=== WHAT TO PRODUCE ===
Your job with the data below: print everything from the line that holds "alpha g (a +" down to the line that holds "(* S_g is an", ends included, exactly, and nothing else.

=== SUPPLIED RECORDS ===
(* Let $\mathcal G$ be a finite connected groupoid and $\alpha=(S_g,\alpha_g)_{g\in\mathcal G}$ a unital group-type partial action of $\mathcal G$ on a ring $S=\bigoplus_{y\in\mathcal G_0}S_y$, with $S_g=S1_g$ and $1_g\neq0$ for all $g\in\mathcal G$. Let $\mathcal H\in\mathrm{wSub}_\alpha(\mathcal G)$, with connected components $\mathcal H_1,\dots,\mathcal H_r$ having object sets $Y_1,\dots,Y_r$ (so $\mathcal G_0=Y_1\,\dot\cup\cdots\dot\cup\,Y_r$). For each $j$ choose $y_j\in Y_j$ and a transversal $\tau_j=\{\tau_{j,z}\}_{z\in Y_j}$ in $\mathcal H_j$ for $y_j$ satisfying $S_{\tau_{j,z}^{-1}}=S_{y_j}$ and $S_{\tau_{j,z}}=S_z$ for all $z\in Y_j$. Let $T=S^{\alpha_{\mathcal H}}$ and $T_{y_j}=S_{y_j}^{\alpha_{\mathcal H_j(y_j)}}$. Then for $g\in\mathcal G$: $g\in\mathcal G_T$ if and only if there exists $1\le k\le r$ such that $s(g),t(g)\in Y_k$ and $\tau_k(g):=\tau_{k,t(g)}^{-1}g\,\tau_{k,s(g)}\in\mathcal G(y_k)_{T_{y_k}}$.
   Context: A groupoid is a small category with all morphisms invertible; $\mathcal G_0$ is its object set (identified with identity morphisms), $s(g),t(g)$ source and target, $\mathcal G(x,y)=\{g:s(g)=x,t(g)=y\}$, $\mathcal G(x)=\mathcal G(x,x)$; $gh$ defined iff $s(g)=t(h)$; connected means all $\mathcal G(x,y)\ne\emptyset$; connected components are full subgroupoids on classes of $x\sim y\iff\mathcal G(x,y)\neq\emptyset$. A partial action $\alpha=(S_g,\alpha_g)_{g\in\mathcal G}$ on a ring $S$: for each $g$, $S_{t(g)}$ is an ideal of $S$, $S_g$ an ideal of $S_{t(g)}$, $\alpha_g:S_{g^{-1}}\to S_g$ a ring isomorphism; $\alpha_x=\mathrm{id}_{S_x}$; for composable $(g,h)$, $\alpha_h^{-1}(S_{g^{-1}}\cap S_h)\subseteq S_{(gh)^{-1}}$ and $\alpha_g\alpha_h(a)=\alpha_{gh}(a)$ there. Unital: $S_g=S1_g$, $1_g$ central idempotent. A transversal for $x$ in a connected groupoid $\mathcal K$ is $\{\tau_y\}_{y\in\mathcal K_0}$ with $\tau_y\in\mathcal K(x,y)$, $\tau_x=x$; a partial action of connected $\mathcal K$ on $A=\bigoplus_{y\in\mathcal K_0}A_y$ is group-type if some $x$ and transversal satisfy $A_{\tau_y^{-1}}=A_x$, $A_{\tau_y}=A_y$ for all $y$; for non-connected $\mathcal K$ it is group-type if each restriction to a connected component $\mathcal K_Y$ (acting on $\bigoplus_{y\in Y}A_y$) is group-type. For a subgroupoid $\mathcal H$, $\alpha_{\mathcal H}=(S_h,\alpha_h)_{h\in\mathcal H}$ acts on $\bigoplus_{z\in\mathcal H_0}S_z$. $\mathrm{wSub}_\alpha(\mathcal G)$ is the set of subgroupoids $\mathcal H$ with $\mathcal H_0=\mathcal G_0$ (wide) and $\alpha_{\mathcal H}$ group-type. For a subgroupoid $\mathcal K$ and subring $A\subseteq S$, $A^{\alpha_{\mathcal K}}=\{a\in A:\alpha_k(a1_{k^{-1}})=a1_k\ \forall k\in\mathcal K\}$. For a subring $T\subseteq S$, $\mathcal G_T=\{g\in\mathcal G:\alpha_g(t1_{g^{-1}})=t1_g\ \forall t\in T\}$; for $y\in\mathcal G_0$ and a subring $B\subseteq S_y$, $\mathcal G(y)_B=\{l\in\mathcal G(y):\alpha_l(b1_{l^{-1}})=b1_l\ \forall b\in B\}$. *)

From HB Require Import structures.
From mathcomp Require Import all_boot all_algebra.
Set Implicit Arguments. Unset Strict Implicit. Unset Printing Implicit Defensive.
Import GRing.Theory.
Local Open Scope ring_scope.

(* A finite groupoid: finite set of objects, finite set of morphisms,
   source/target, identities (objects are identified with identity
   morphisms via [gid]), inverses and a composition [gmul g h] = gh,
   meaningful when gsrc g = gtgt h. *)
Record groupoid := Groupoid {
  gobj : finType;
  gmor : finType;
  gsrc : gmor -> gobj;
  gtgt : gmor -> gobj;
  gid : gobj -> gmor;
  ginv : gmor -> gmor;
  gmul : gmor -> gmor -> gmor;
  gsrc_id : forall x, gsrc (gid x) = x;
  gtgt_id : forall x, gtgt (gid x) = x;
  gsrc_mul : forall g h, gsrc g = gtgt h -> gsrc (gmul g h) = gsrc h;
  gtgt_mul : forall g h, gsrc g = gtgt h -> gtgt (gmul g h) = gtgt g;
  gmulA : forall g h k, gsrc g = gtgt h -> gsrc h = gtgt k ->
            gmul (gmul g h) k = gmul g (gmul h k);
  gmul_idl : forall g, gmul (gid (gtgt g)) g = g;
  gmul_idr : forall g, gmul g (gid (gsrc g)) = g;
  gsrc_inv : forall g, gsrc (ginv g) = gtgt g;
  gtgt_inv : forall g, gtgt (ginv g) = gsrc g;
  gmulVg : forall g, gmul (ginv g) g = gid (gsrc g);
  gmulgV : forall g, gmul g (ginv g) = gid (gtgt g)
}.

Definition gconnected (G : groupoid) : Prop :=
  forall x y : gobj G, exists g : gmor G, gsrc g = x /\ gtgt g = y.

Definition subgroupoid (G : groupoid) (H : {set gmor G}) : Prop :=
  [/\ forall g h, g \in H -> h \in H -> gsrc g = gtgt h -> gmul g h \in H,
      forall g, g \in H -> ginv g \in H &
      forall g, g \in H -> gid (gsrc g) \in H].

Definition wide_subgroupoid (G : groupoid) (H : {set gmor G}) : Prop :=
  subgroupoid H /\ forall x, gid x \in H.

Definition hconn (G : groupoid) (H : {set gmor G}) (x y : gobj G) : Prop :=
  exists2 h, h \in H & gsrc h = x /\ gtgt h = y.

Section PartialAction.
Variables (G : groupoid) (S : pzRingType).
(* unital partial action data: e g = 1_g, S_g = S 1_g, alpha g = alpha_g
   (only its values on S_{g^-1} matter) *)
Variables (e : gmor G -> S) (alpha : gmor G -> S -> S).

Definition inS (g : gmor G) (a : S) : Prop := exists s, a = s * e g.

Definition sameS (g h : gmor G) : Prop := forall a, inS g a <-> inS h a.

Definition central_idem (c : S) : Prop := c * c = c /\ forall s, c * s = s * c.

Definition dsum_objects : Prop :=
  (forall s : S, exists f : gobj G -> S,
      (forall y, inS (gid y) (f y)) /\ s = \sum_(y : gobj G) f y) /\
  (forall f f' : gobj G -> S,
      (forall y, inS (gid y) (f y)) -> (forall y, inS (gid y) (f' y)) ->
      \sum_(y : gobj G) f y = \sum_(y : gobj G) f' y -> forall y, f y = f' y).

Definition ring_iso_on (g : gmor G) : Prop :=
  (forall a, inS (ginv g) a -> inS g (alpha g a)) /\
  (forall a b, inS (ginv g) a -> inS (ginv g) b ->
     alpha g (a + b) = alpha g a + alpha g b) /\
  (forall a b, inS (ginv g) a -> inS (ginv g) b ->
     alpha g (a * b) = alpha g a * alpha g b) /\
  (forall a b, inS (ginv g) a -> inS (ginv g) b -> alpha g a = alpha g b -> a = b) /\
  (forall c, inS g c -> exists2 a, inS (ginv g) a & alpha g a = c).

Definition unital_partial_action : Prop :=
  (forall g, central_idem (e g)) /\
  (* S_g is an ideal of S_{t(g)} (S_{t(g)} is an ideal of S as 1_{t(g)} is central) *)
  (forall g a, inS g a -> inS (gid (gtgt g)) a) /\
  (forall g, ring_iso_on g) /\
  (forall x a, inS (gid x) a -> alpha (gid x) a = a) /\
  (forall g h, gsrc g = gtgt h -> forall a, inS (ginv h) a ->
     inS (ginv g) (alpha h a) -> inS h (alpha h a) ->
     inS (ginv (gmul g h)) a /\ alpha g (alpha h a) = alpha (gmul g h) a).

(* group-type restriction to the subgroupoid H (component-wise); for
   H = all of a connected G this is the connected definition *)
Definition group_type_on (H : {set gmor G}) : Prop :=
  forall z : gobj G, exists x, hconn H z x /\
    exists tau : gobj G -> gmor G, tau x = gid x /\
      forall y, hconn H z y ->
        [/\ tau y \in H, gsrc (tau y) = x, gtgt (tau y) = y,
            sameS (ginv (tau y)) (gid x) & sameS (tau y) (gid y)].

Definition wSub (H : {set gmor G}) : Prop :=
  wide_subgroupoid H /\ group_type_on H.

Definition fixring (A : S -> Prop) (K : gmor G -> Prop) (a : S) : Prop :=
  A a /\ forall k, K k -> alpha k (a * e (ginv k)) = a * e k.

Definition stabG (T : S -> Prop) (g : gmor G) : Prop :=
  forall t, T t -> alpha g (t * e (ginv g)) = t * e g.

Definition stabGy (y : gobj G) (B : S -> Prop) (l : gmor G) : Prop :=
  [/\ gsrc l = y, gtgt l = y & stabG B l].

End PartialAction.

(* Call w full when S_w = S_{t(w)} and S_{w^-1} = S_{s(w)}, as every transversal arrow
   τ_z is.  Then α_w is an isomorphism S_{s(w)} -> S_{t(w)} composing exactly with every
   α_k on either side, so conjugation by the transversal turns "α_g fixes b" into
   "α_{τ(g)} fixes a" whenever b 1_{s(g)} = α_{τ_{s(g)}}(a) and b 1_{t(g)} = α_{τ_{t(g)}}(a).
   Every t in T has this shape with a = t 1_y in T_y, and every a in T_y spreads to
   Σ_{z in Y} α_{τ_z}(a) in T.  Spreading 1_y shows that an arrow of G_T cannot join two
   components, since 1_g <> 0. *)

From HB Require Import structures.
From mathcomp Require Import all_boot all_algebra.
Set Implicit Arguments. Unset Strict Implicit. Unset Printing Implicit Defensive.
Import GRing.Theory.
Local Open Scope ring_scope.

=== SOLUTION TO THE EXERCISE ===
     alpha g (a + b) = alpha g a + alpha g b) /\
  (forall a b, inS (ginv g) a -> inS (ginv g) b ->
     alpha g (a * b) = alpha g a * alpha g b) /\
  (forall a b, inS (ginv g) a -> inS (ginv g) b -> alpha g a = alpha g b -> a = b) /\
  (forall c, inS g c -> exists2 a, inS (ginv g) a & alpha g a = c).

Definition unital_partial_action : Prop :=
  (forall g, central_idem (e g)) /\
  (* S_g is an ideal of S_{t(g)} (S_{t(g)} is an ideal of S as 1_{t(g)} is central) *)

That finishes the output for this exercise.